In this article we will introduce the one of the most useful improvements: the new SKIP LOCKED
clause.
Why SKIP LOCKED was developed?
The one of the often tasks in the development of applications is to organize processing of queue "task manager - executor". For example, one or more task managers put jobs into a queue, and executors take a outstanding job from the queue and execute it, then they update the status of the job. If there is only one executor, then there are no problems. As the number of executors increases, competition for the task and conflicts between executors arise. The clause SKIP LOCKED helps developers to implement this type of queue processing in easy way without conflicts.
Preparing the Database
Let’s try to implement a task processing queue. To do this, let’s create a test database and create the QUEUE_TASK
table in it. Task managers will add tasks to this table, and executors will take free tasks and complete them. The database creation script with comments is given below:
CREATE DATABASE 'inet://localhost:3055/c:\fbdata\5.0\queue.fdb'
USER SYSDBA password 'masterkey'
DEFAULT CHARACTER SET UTF8;
CREATE DOMAIN D_QUEUE_TASK_STATUS
AS SMALLINT CHECK(VALUE IN (0, 1));
COMMENT ON DOMAIN D_QUEUE_TASK_STATUS IS 'Task completion status';
CREATE TABLE QUEUE_TASK (
ID BIGINT GENERATED BY DEFAULT AS IDENTITY NOT NULL,
NAME VARCHAR(50) NOT NULL,
STARTED BOOLEAN DEFAULT FALSE NOT NULL,
WORKER_ID BIGINT,
START_TIME TIMESTAMP,
FINISH_TIME TIMESTAMP,
FINISH_STATUS D_QUEUE_TASK_STATUS,
STATUS_TEXT VARCHAR(100),
CONSTRAINT PK_QUEUE_TASK PRIMARY KEY(ID)
);
COMMENT ON TABLE QUEUE_TASK IS 'Task queue';
COMMENT ON COLUMN QUEUE_TASK.ID IS 'Task Identifier';
COMMENT ON COLUMN QUEUE_TASK.NAME IS 'Task Name';
COMMENT ON COLUMN QUEUE_TASK.STARTED IS 'Flag that the task has been accepted for processing';
COMMENT ON COLUMN QUEUE_TASK.WORKER_ID IS 'ID of Executor';
COMMENT ON COLUMN QUEUE_TASK.START_TIME IS 'Task execution time start';
COMMENT ON COLUMN QUEUE_TASK.FINISH_TIME IS 'Task execution time finish';
COMMENT ON COLUMN QUEUE_TASK.FINISH_STATUS IS 'The status with which the task completed 0 - successfully, 1 - with error';
COMMENT ON COLUMN QUEUE_TASK.STATUS_TEXT IS 'Status text. If the task is completed without errors, then "OK", otherwise the error text';
To add a new task, execute the command
INSERT INTO QUEUE_TASK(NAME) VALUES (?)
In this example, we pass only the task name; in practice, there may be more parameters.

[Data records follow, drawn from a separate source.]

(* Let $\psi:\mathbb{R}_{\geq 0}\to\mathbb{R}$ be a neighbor function. Then for any $x,y,t$ with $0\leq x<y$ and $t\geq 0$: (1) $\psi^{-1}$ exists and is increasing; (2) $|\psi(y+t)-\psi(x+t)|\leq|\psi(y)-\psi(x)|$; (3) $|I_{\psi,t}(y)|\geq|I_{\psi,t}(x)|$; (4) $\dfrac{|I_{\psi,t}(y)|}{y}\leq\dfrac{|I_{\psi,t}(x)|}{x}$.
   Context: A neighbor function is a function $\psi:\mathbb{R}_{\geq 0}\to\mathbb{R}$ that is (i) strictly increasing, (ii) continuous, (iii) concave, and (iv) such that $g(x)=\psi(e^{x})$ is convex as a function of $x\in\mathbb{R}$. For a neighbor function $\psi$, a number $\sigma\geq 0$ and $y\geq 0$, the uncertainty interval around $y$ is $I_{\psi,\sigma}(y)=[L,U]$ with $L=\psi^{-1}\big(\max(\psi(0),\psi(y)-\sigma)\big)$ and $U=\psi^{-1}\big(\psi(y)+\sigma\big)$; its length is $|I_{\psi,\sigma}(y)|=U-L$. *)

From Stdlib Require Import Reals Lra ClassicalEpsilon.
Open Scope R_scope.

(* psi : R -> R is only considered on the domain [0, +oo). *)

Definition strictly_increasing_nonneg (psi : R -> R) : Prop :=
  forall x y, 0 <= x -> x < y -> psi x < psi y.

Definition continuous_nonneg (psi : R -> R) : Prop :=
  forall x, 0 <= x -> forall eps, 0 < eps ->
    exists delta, 0 < delta /\
      forall y, 0 <= y -> Rabs (y - x) < delta -> Rabs (psi y - psi x) < eps.

Definition concave_nonneg (psi : R -> R) : Prop :=
  forall x y l, 0 <= x -> 0 <= y -> 0 <= l <= 1 ->
    l * psi x + (1 - l) * psi y <= psi (l * x + (1 - l) * y).

Definition convex_R (g : R -> R) : Prop :=
  forall a b l, 0 <= l <= 1 ->
    g (l * a + (1 - l) * b) <= l * g a + (1 - l) * g b.

Definition neighbor_function (psi : R -> R) : Prop :=
  strictly_increasing_nonneg psi /\ continuous_nonneg psi /\
  concave_nonneg psi /\ convex_R (fun x => psi (exp x)).

(* psi^{-1}(v): a (the, when it exists) x >= 0 with psi x = v. *)
Definition psi_inv (psi : R -> R) (v : R) : R :=
  epsilon (inhabits 0) (fun x => 0 <= x /\ psi x = v).

Definition I_low (psi : R -> R) (sigma y : R) : R :=
  psi_inv psi (Rmax (psi 0) (psi y - sigma)).
Definition I_up (psi : R -> R) (sigma y : R) : R :=
  psi_inv psi (psi y + sigma).
Definition I_len (psi : R -> R) (sigma y : R) : R :=
  I_up psi sigma y - I_low psi sigma y.

(* Concavity of psi says that increments of psi over intervals of a fixed
   length shrink as the interval moves right; dually, the increments of
   psi^{-1} over a fixed height grow, which gives (2) and (3).  Convexity of
   psi o exp says that increments of psi over intervals of a fixed ratio grow
   as the interval moves right, and the same argument on the multiplicative
   scale gives (4).  Convexity of psi o exp also forces psi to be unbounded,
   so by the intermediate value theorem psi maps [0, +oo) onto
   [psi 0, +oo) and psi^{-1} is a genuine inverse there. *)

From Stdlib Require Import Reals Lra ClassicalEpsilon.
Open Scope R_scope.

Lemma convex_increments_le (D : R -> Prop) (f : R -> R) :
  (forall a b l, D a -> D b -> 0 <= l <= 1 ->
     f (l * a + (1 - l) * b) <= l * f a + (1 - l) * f b) ->
  forall A B s, D A -> D (B + s) -> A <= B -> 0 <= s ->
  f (A + s) - f A <= f (B + s) - f B.
Proof.
  intros Hconv A B s DA DBs HAB Hs.
  destruct (Req_dec (B - A + s) 0) as [H0 | H0].
  { replace B with A by lra. replace s with 0 by lra. lra. }
  (* A + s and B are the convex combinations of A and B + s with weights l and 1 - l *)
  set (l := (B - A) / (B - A + s)).
  assert (Hl : l * (B - A + s) = B - A) by (unfold l; field; lra).
  assert (Hl01 : 0 <= l <= 1) by (split; nra).
  assert (HAs := Hconv A (B + s) l DA DBs Hl01).
  assert (HB := Hconv A (B + s) (1 - l) DA DBs ltac:(lra)).
  replace (l * A + (1 - l) * (B + s)) with (A + s) in HAs by nra.
  replace ((1 - l) * A + (1 - (1 - l)) * (B + s)) with B in HB by nra.
  lra.
Qed.

Lemma convex_secant_le (g : R -> R) :
  convex_R g -> forall s, 1 <= s -> g 0 + s * (g 1 - g 0) <= g s.
Proof.
  intros Hg s Hs.
  assert (Hw : 0 <= / s <= 1).
  { split; [left; apply Rinv_0_lt_compat; lra|].
    rewrite <- Rinv_1. apply Rinv_le_contravar; lra. }
  assert (H := Hg s 0 (/ s) Hw).
  replace (/ s * s + (1 - / s) * 0) with 1 in H by (field; lra).
  apply Rmult_le_compat_l with (r := s) in H; [|lra].
  replace (s * (/ s * g s + (1 - / s) * g 0)) with (g s + (s - 1) * g 0) in H
    by (field; lra).
  lra.
Qed.

Lemma ln_le x y : 0 < x -> x <= y -> ln x <= ln y.
Proof.
  intros Hx [Hxy | ->]; [left; apply ln_increasing|]; lra.
Qed.

Section NeighborFunction.

Variable psi : R -> R.
Hypothesis Hpsi : neighbor_function psi.

Lemma psi_lt x y : 0 <= x -> x < y -> psi x < psi y.
Proof. apply Hpsi. Qed.

Lemma psi_le x y : 0 <= x -> x <= y -> psi x <= psi y.
Proof. intros Hx [Hxy | ->]; [left; apply psi_lt|]; lra. Qed.

Lemma psi_le_cancel x y : 0 <= y -> psi x <= psi y -> x <= y.
Proof.
  intros Hy Hpsixy. destruct (Rle_lt_dec x y) as [|Hyx]; [assumption|].
  assert (psi y < psi x) by (apply psi_lt; lra). lra.
Qed.

Lemma psi_increments_le A B s : 0 <= A -> A <= B -> 0 <= s ->
  psi (B + s) - psi B <= psi (A + s) - psi A.
Proof.
  intros HA HAB Hs. destruct Hpsi as (_ & _ & Hconc & _).
  assert (H := convex_increments_le (fun x => 0 <= x) (fun x => - psi x)
    ltac:(intros a b l Ha Hb Hl; specialize (Hconc a b l Ha Hb Hl); lra)
    A B s HA ltac:(lra) HAB Hs).
  lra.
Qed.

Lemma psi_scale_increments_le p q r : 0 < p -> p <= q -> 1 <= r ->
  psi (r * p) - psi p <= psi (r * q) - psi q.
Proof.
  intros Hp Hpq Hr. destruct Hpsi as (_ & _ & _ & Hg).
  assert (Hlr : 0 <= ln r) by (rewrite <- ln_1; apply ln_le; lra).
  assert (H := convex_increments_le (fun _ => True) (fun x => psi (exp x))
    ltac:(intros a b l _ _ Hl; apply Hg, Hl)
    (ln p) (ln q) (ln r) I I ltac:(apply ln_le; lra) Hlr).
  cbv beta in H. rewrite !exp_plus, !exp_ln in H by lra.
  rewrite (Rmult_comm r p), (Rmult_comm r q). exact H.
Qed.

Lemma psi_unbounded v : exists M, 0 <= M /\ v < psi M.
Proof.
  destruct Hpsi as (_ & _ & _ & Hg).
  set (g := fun x => psi (exp x)) in Hg.
  assert (Hslope : g 0 < g 1).
  { apply psi_lt; [left; apply exp_pos | apply exp_increasing; lra]. }
  set (s := Rmax 1 ((v - g 0) / (g 1 - g 0) + 1)).
  assert (Hs1 : 1 <= s) by apply Rmax_l.
  assert (Hs2 : (v - g 0) / (g 1 - g 0) + 1 <= s) by apply Rmax_r.
  assert (Hsv : v - g 0 < s * (g 1 - g 0)).
  { replace (v - g 0) with ((v - g 0) / (g 1 - g 0) * (g 1 - g 0)) by (field; lra).
    apply Rmult_lt_compat_r; lra. }
  exists (exp s). split; [left; apply exp_pos|].
  assert (H := convex_secant_le g Hg s Hs1). unfold g in *. lra.
Qed.

(* psi o Rabs is a continuous extension of psi to all of R, so the IVT applies. *)
Lemma psi_surjective v : psi 0 <= v -> exists x, 0 <= x /\ psi x = v.
Proof.
  intros Hv. destruct (Req_dec v (psi 0)) as [-> | Hv0]; [exists 0; lra|].
  destruct (psi_unbounded v) as (M & HM & HvM).
  destruct Hpsi as (_ & Hcont & _).
  set (F := fun x => psi (Rabs x) - v).
  assert (HF : continuity F).
  { intros x eps Heps.
    destruct (Hcont (Rabs x) (Rabs_pos x) eps Heps) as (d & Hd & Hclose).
    exists d; split; [exact Hd|]. intros y [_ Hy]. simpl in *. unfold R_dist in *.
    unfold F. replace (psi (Rabs y) - v - (psi (Rabs x) - v))
      with (psi (Rabs y) - psi (Rabs x)) by ring.
    apply Hclose; [apply Rabs_pos|].
    eapply Rle_lt_trans; [apply Rabs_triang_inv2 | exact Hy]. }
  assert (HM0 : 0 < M) by (destruct HM as [|<-]; lra).
  destruct (IVT F 0 M HF HM0) as (z & Hz & Fz); unfold F.
  - rewrite Rabs_R0. lra.
  - rewrite Rabs_pos_eq; lra.
  - exists z. unfold F in Fz. rewrite Rabs_pos_eq in Fz; lra.
Qed.

Lemma psi_inv_spec v : psi 0 <= v ->
  0 <= psi_inv psi v /\ psi (psi_inv psi v) = v.
Proof. intros Hv. unfold psi_inv. apply epsilon_spec, psi_surjective, Hv. Qed.

Lemma psi_inv_psi x : 0 <= x -> psi_inv psi (psi x) = x.
Proof.
  intros Hx.
  destruct (psi_inv_spec (psi x)) as [Hinv0 Hinv]; [apply psi_le; lra|].
  apply Rle_antisym; apply psi_le_cancel; lra.
Qed.

Lemma psi_inv_lt u v : psi 0 <= u -> u < v -> psi_inv psi u < psi_inv psi v.
Proof.
  intros Hu Huv.
  destruct (psi_inv_spec u Hu) as [Hu0 Hu'].
  destruct (psi_inv_spec v ltac:(lra)) as [Hv0 Hv'].
  destruct (Rlt_le_dec (psi_inv psi u) (psi_inv psi v)) as [|Hvu]; [assumption|].
  assert (psi (psi_inv psi v) <= psi (psi_inv psi u)) by (apply psi_le; lra). lra.
Qed.

Lemma psi_shift_dist_le x y t : 0 <= x -> x < y -> 0 <= t ->
  Rabs (psi (y + t) - psi (x + t)) <= Rabs (psi y - psi x).
Proof.
  intros Hx Hxy Ht.
  assert (Hpsixy : psi x < psi y) by (apply psi_lt; lra).
  assert (Hshift : psi (x + t) <= psi (y + t)) by (apply psi_le; lra).
  assert (H := psi_increments_le x y t Hx ltac:(lra) Ht).
  rewrite !Rabs_right by lra. lra.
Qed.

Lemma I_up_spec t x : 0 <= x -> 0 <= t ->
  0 <= I_up psi t x /\ psi (I_up psi t x) = psi x + t.
Proof.
  intros Hx Ht. apply psi_inv_spec.
  assert (psi 0 <= psi x) by (apply psi_le; lra). lra.
Qed.

Lemma I_low_spec t x :
  0 <= I_low psi t x /\ psi (I_low psi t x) = Rmax (psi 0) (psi x - t).
Proof. apply psi_inv_spec, Rmax_l. Qed.

Lemma I_low_le t x : 0 <= x -> 0 <= t -> I_low psi t x <= x.
Proof.
  intros Hx Ht. destruct (I_low_spec t x) as [_ HL].
  apply psi_le_cancel; [lra|]. rewrite HL.
  assert (psi 0 <= psi x) by (apply psi_le; lra).
  unfold Rmax; destruct Rle_dec; lra.
Qed.

Lemma I_up_ge t x : 0 <= x -> 0 <= t -> x <= I_up psi t x.
Proof.
  intros Hx Ht. destruct (I_up_spec t x Hx Ht) as [HU0 HU].
  apply psi_le_cancel; lra.
Qed.

Section IntervalComparison.

Variables t x y : R.
Hypotheses (Ht : 0 <= t) (Hx : 0 <= x) (Hxy : x < y).

Lemma I_up_sub_le : I_up psi t x - x <= I_up psi t y - y.
Proof.
  destruct (I_up_spec t x Hx Ht) as [Ha0 Ha].
  destruct (I_up_spec t y ltac:(lra) Ht) as [Hb0 Hb].
  assert (Hxa := I_up_ge t x Hx Ht).
  set (a := I_up psi t x) in *. set (b := I_up psi t y) in *.
  assert (H := psi_increments_le x y (a - x) Hx ltac:(lra) ltac:(lra)).
  replace (x + (a - x)) with a in H by ring.
  assert (y + (a - x) <= b) by (apply psi_le_cancel; lra).
  lra.
Qed.

Lemma sub_I_low_le : x - I_low psi t x <= y - I_low psi t y.
Proof.
  destruct (I_low_spec t x) as [He0 He].
  destruct (I_low_spec t y) as [Hc0 Hc].
  assert (Hex := I_low_le t x Hx Ht).
  set (e := I_low psi t x) in *. set (c := I_low psi t y) in *.
  assert (Hpsixy : psi x < psi y) by (apply psi_lt; lra).
  assert (Hec : e <= c).
  { apply psi_le_cancel; [lra|]. rewrite He, Hc.
    unfold Rmax; repeat destruct Rle_dec; lra. }
  assert (Hgain : psi x - psi e <= psi y - psi c).
  { rewrite He, Hc. unfold Rmax; repeat destruct Rle_dec; lra. }
  assert (H := psi_increments_le e c (x - e) He0 Hec ltac:(lra)).
  replace (e + (x - e)) with x in H by ring.
  assert (c + (x - e) <= y) by (apply psi_le_cancel; lra).
  lra.
Qed.

Lemma I_len_le : I_len psi t x <= I_len psi t y.
Proof.
  unfold I_len. assert (H1 := I_up_sub_le). assert (H2 := sub_I_low_le). lra.
Qed.

Hypothesis Hx0 : 0 < x.

Lemma I_up_ratio_le : I_up psi t y * x <= I_up psi t x * y.
Proof.
  destruct (I_up_spec t x Hx Ht) as [Ha0 Ha].
  destruct (I_up_spec t y ltac:(lra) Ht) as [Hb0 Hb].
  assert (Hxa := I_up_ge t x Hx Ht).
  set (a := I_up psi t x) in *. set (b := I_up psi t y) in *.
  set (r := a / x).
  assert (Hrx : r * x = a) by (unfold r; field; lra).
  assert (Hr1 : 1 <= r) by nra.
  assert (H := psi_scale_increments_le x y r Hx0 ltac:(lra) Hr1).
  rewrite Hrx in H.
  assert (b <= r * y) by (apply psi_le_cancel; nra).
  nra.
Qed.

Lemma I_low_ratio_le : I_low psi t x * y <= I_low psi t y * x.
Proof.
  destruct (I_low_spec t x) as [He0 He].
  destruct (I_low_spec t y) as [Hc0 Hc].
  assert (Hex := I_low_le t x Hx Ht).
  set (e := I_low psi t x) in *. set (c := I_low psi t y) in *.
  destruct He0 as [He0 | <-]; [|nra].
  assert (Hpe : psi e = psi x - t).
  { assert (psi 0 < psi e) by (apply psi_lt; lra).
    revert He; unfold Rmax; destruct Rle_dec; lra. }
  set (r := x / e). set (q := y * e / x).
  assert (Hre : r * e = x) by (unfold r; field; lra).
  assert (Hrq : r * q = y) by (unfold r, q; field; lra).
  assert (Hqx : q * x = y * e) by (unfold q; field; lra).
  assert (H := psi_scale_increments_le e q r He0 ltac:(nra) ltac:(nra)).
  rewrite Hre, Hrq in H.
  assert (q <= c).
  { apply psi_le_cancel; [lra|]. rewrite Hc.
    assert (psi y - t <= Rmax (psi 0) (psi y - t)) by apply Rmax_r. lra. }
  nra.
Qed.

Lemma I_len_div_le : I_len psi t y / y <= I_len psi t x / x.
Proof.
  assert (HU := I_up_ratio_le). assert (HL := I_low_ratio_le).
  unfold I_len.
  apply (Rmult_le_reg_r (x * y)); [nra|].
  replace ((I_up psi t y - I_low psi t y) / y * (x * y))
    with (I_up psi t y * x - I_low psi t y * x) by (field; lra).
  replace ((I_up psi t x - I_low psi t x) / x * (x * y))
    with (I_up psi t x * y - I_low psi t x * y) by (field; lra).
  lra.
Qed.

End IntervalComparison.

End NeighborFunction.

Theorem theorem5p3 (psi : R -> R) (Hpsi : neighbor_function psi) :
  (* (1) psi^{-1} exists on [psi 0, +oo) and is increasing *)
  ((forall v, psi 0 <= v -> 0 <= psi_inv psi v /\ psi (psi_inv psi v) = v) /\
   (forall x, 0 <= x -> psi_inv psi (psi x) = x) /\
   (forall u v, psi 0 <= u -> u < v -> psi_inv psi u < psi_inv psi v)) /\
  (forall x y t, 0 <= x -> x < y -> 0 <= t ->
     (* (2) *)
     Rabs (psi (y + t) - psi (x + t)) <= Rabs (psi y - psi x) /\
     (* (3) *)
     I_len psi t x <= I_len psi t y /\
     (* (4), meaningful only for x > 0 *)
     (0 < x -> I_len psi t y / y <= I_len psi t x / x)).
Proof.
  split.
  - split; [|split].
    + exact (psi_inv_spec psi Hpsi).
    + exact (psi_inv_psi psi Hpsi).
    + exact (psi_inv_lt psi Hpsi).
  - intros x y t Hx Hxy Ht. split; [|split].
    + exact (psi_shift_dist_le psi Hpsi x y t Hx Hxy Ht).
    + exact (I_len_le psi Hpsi t x y Ht Hx Hxy).
    + exact (I_len_div_le psi Hpsi t x y Ht Hx Hxy).
Qed.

Each executor must select one outstanding task and set its flag to "Taken for processing".
An executor can get a free task using the following request:
SELECT ID, NAME
FROM QUEUE_TASK
WHERE STARTED IS FALSE
ORDER BY ID
FETCH FIRST ROW ONLY
Next, the executor marks the task as "Taken for processing", sets the task start time and the executor identifier. This is done with the command:
UPDATE QUEUE_TASK
SET
STARTED = TRUE,
WORKER_ID = ?,
START_TIME = CURRENT_TIMESTAMP
WHERE ID = ?
After the task is accepted for processing, the actual execution of the task begins. When a task is completed, it is necessary to set the completion time of the task and its status. The task may complete with an error; in this case, the appropriate status is set and the error text is saved.
UPDATE QUEUE_TASK
SET
FINISH_STATUS = ?,
STATUS_TEXT = ?,
FINISH_TIME = CURRENT_TIMESTAMP
WHERE ID = ?
Script simulating a job queue
Let’s try to test our idea. To do this, let’s write a simple script in Python.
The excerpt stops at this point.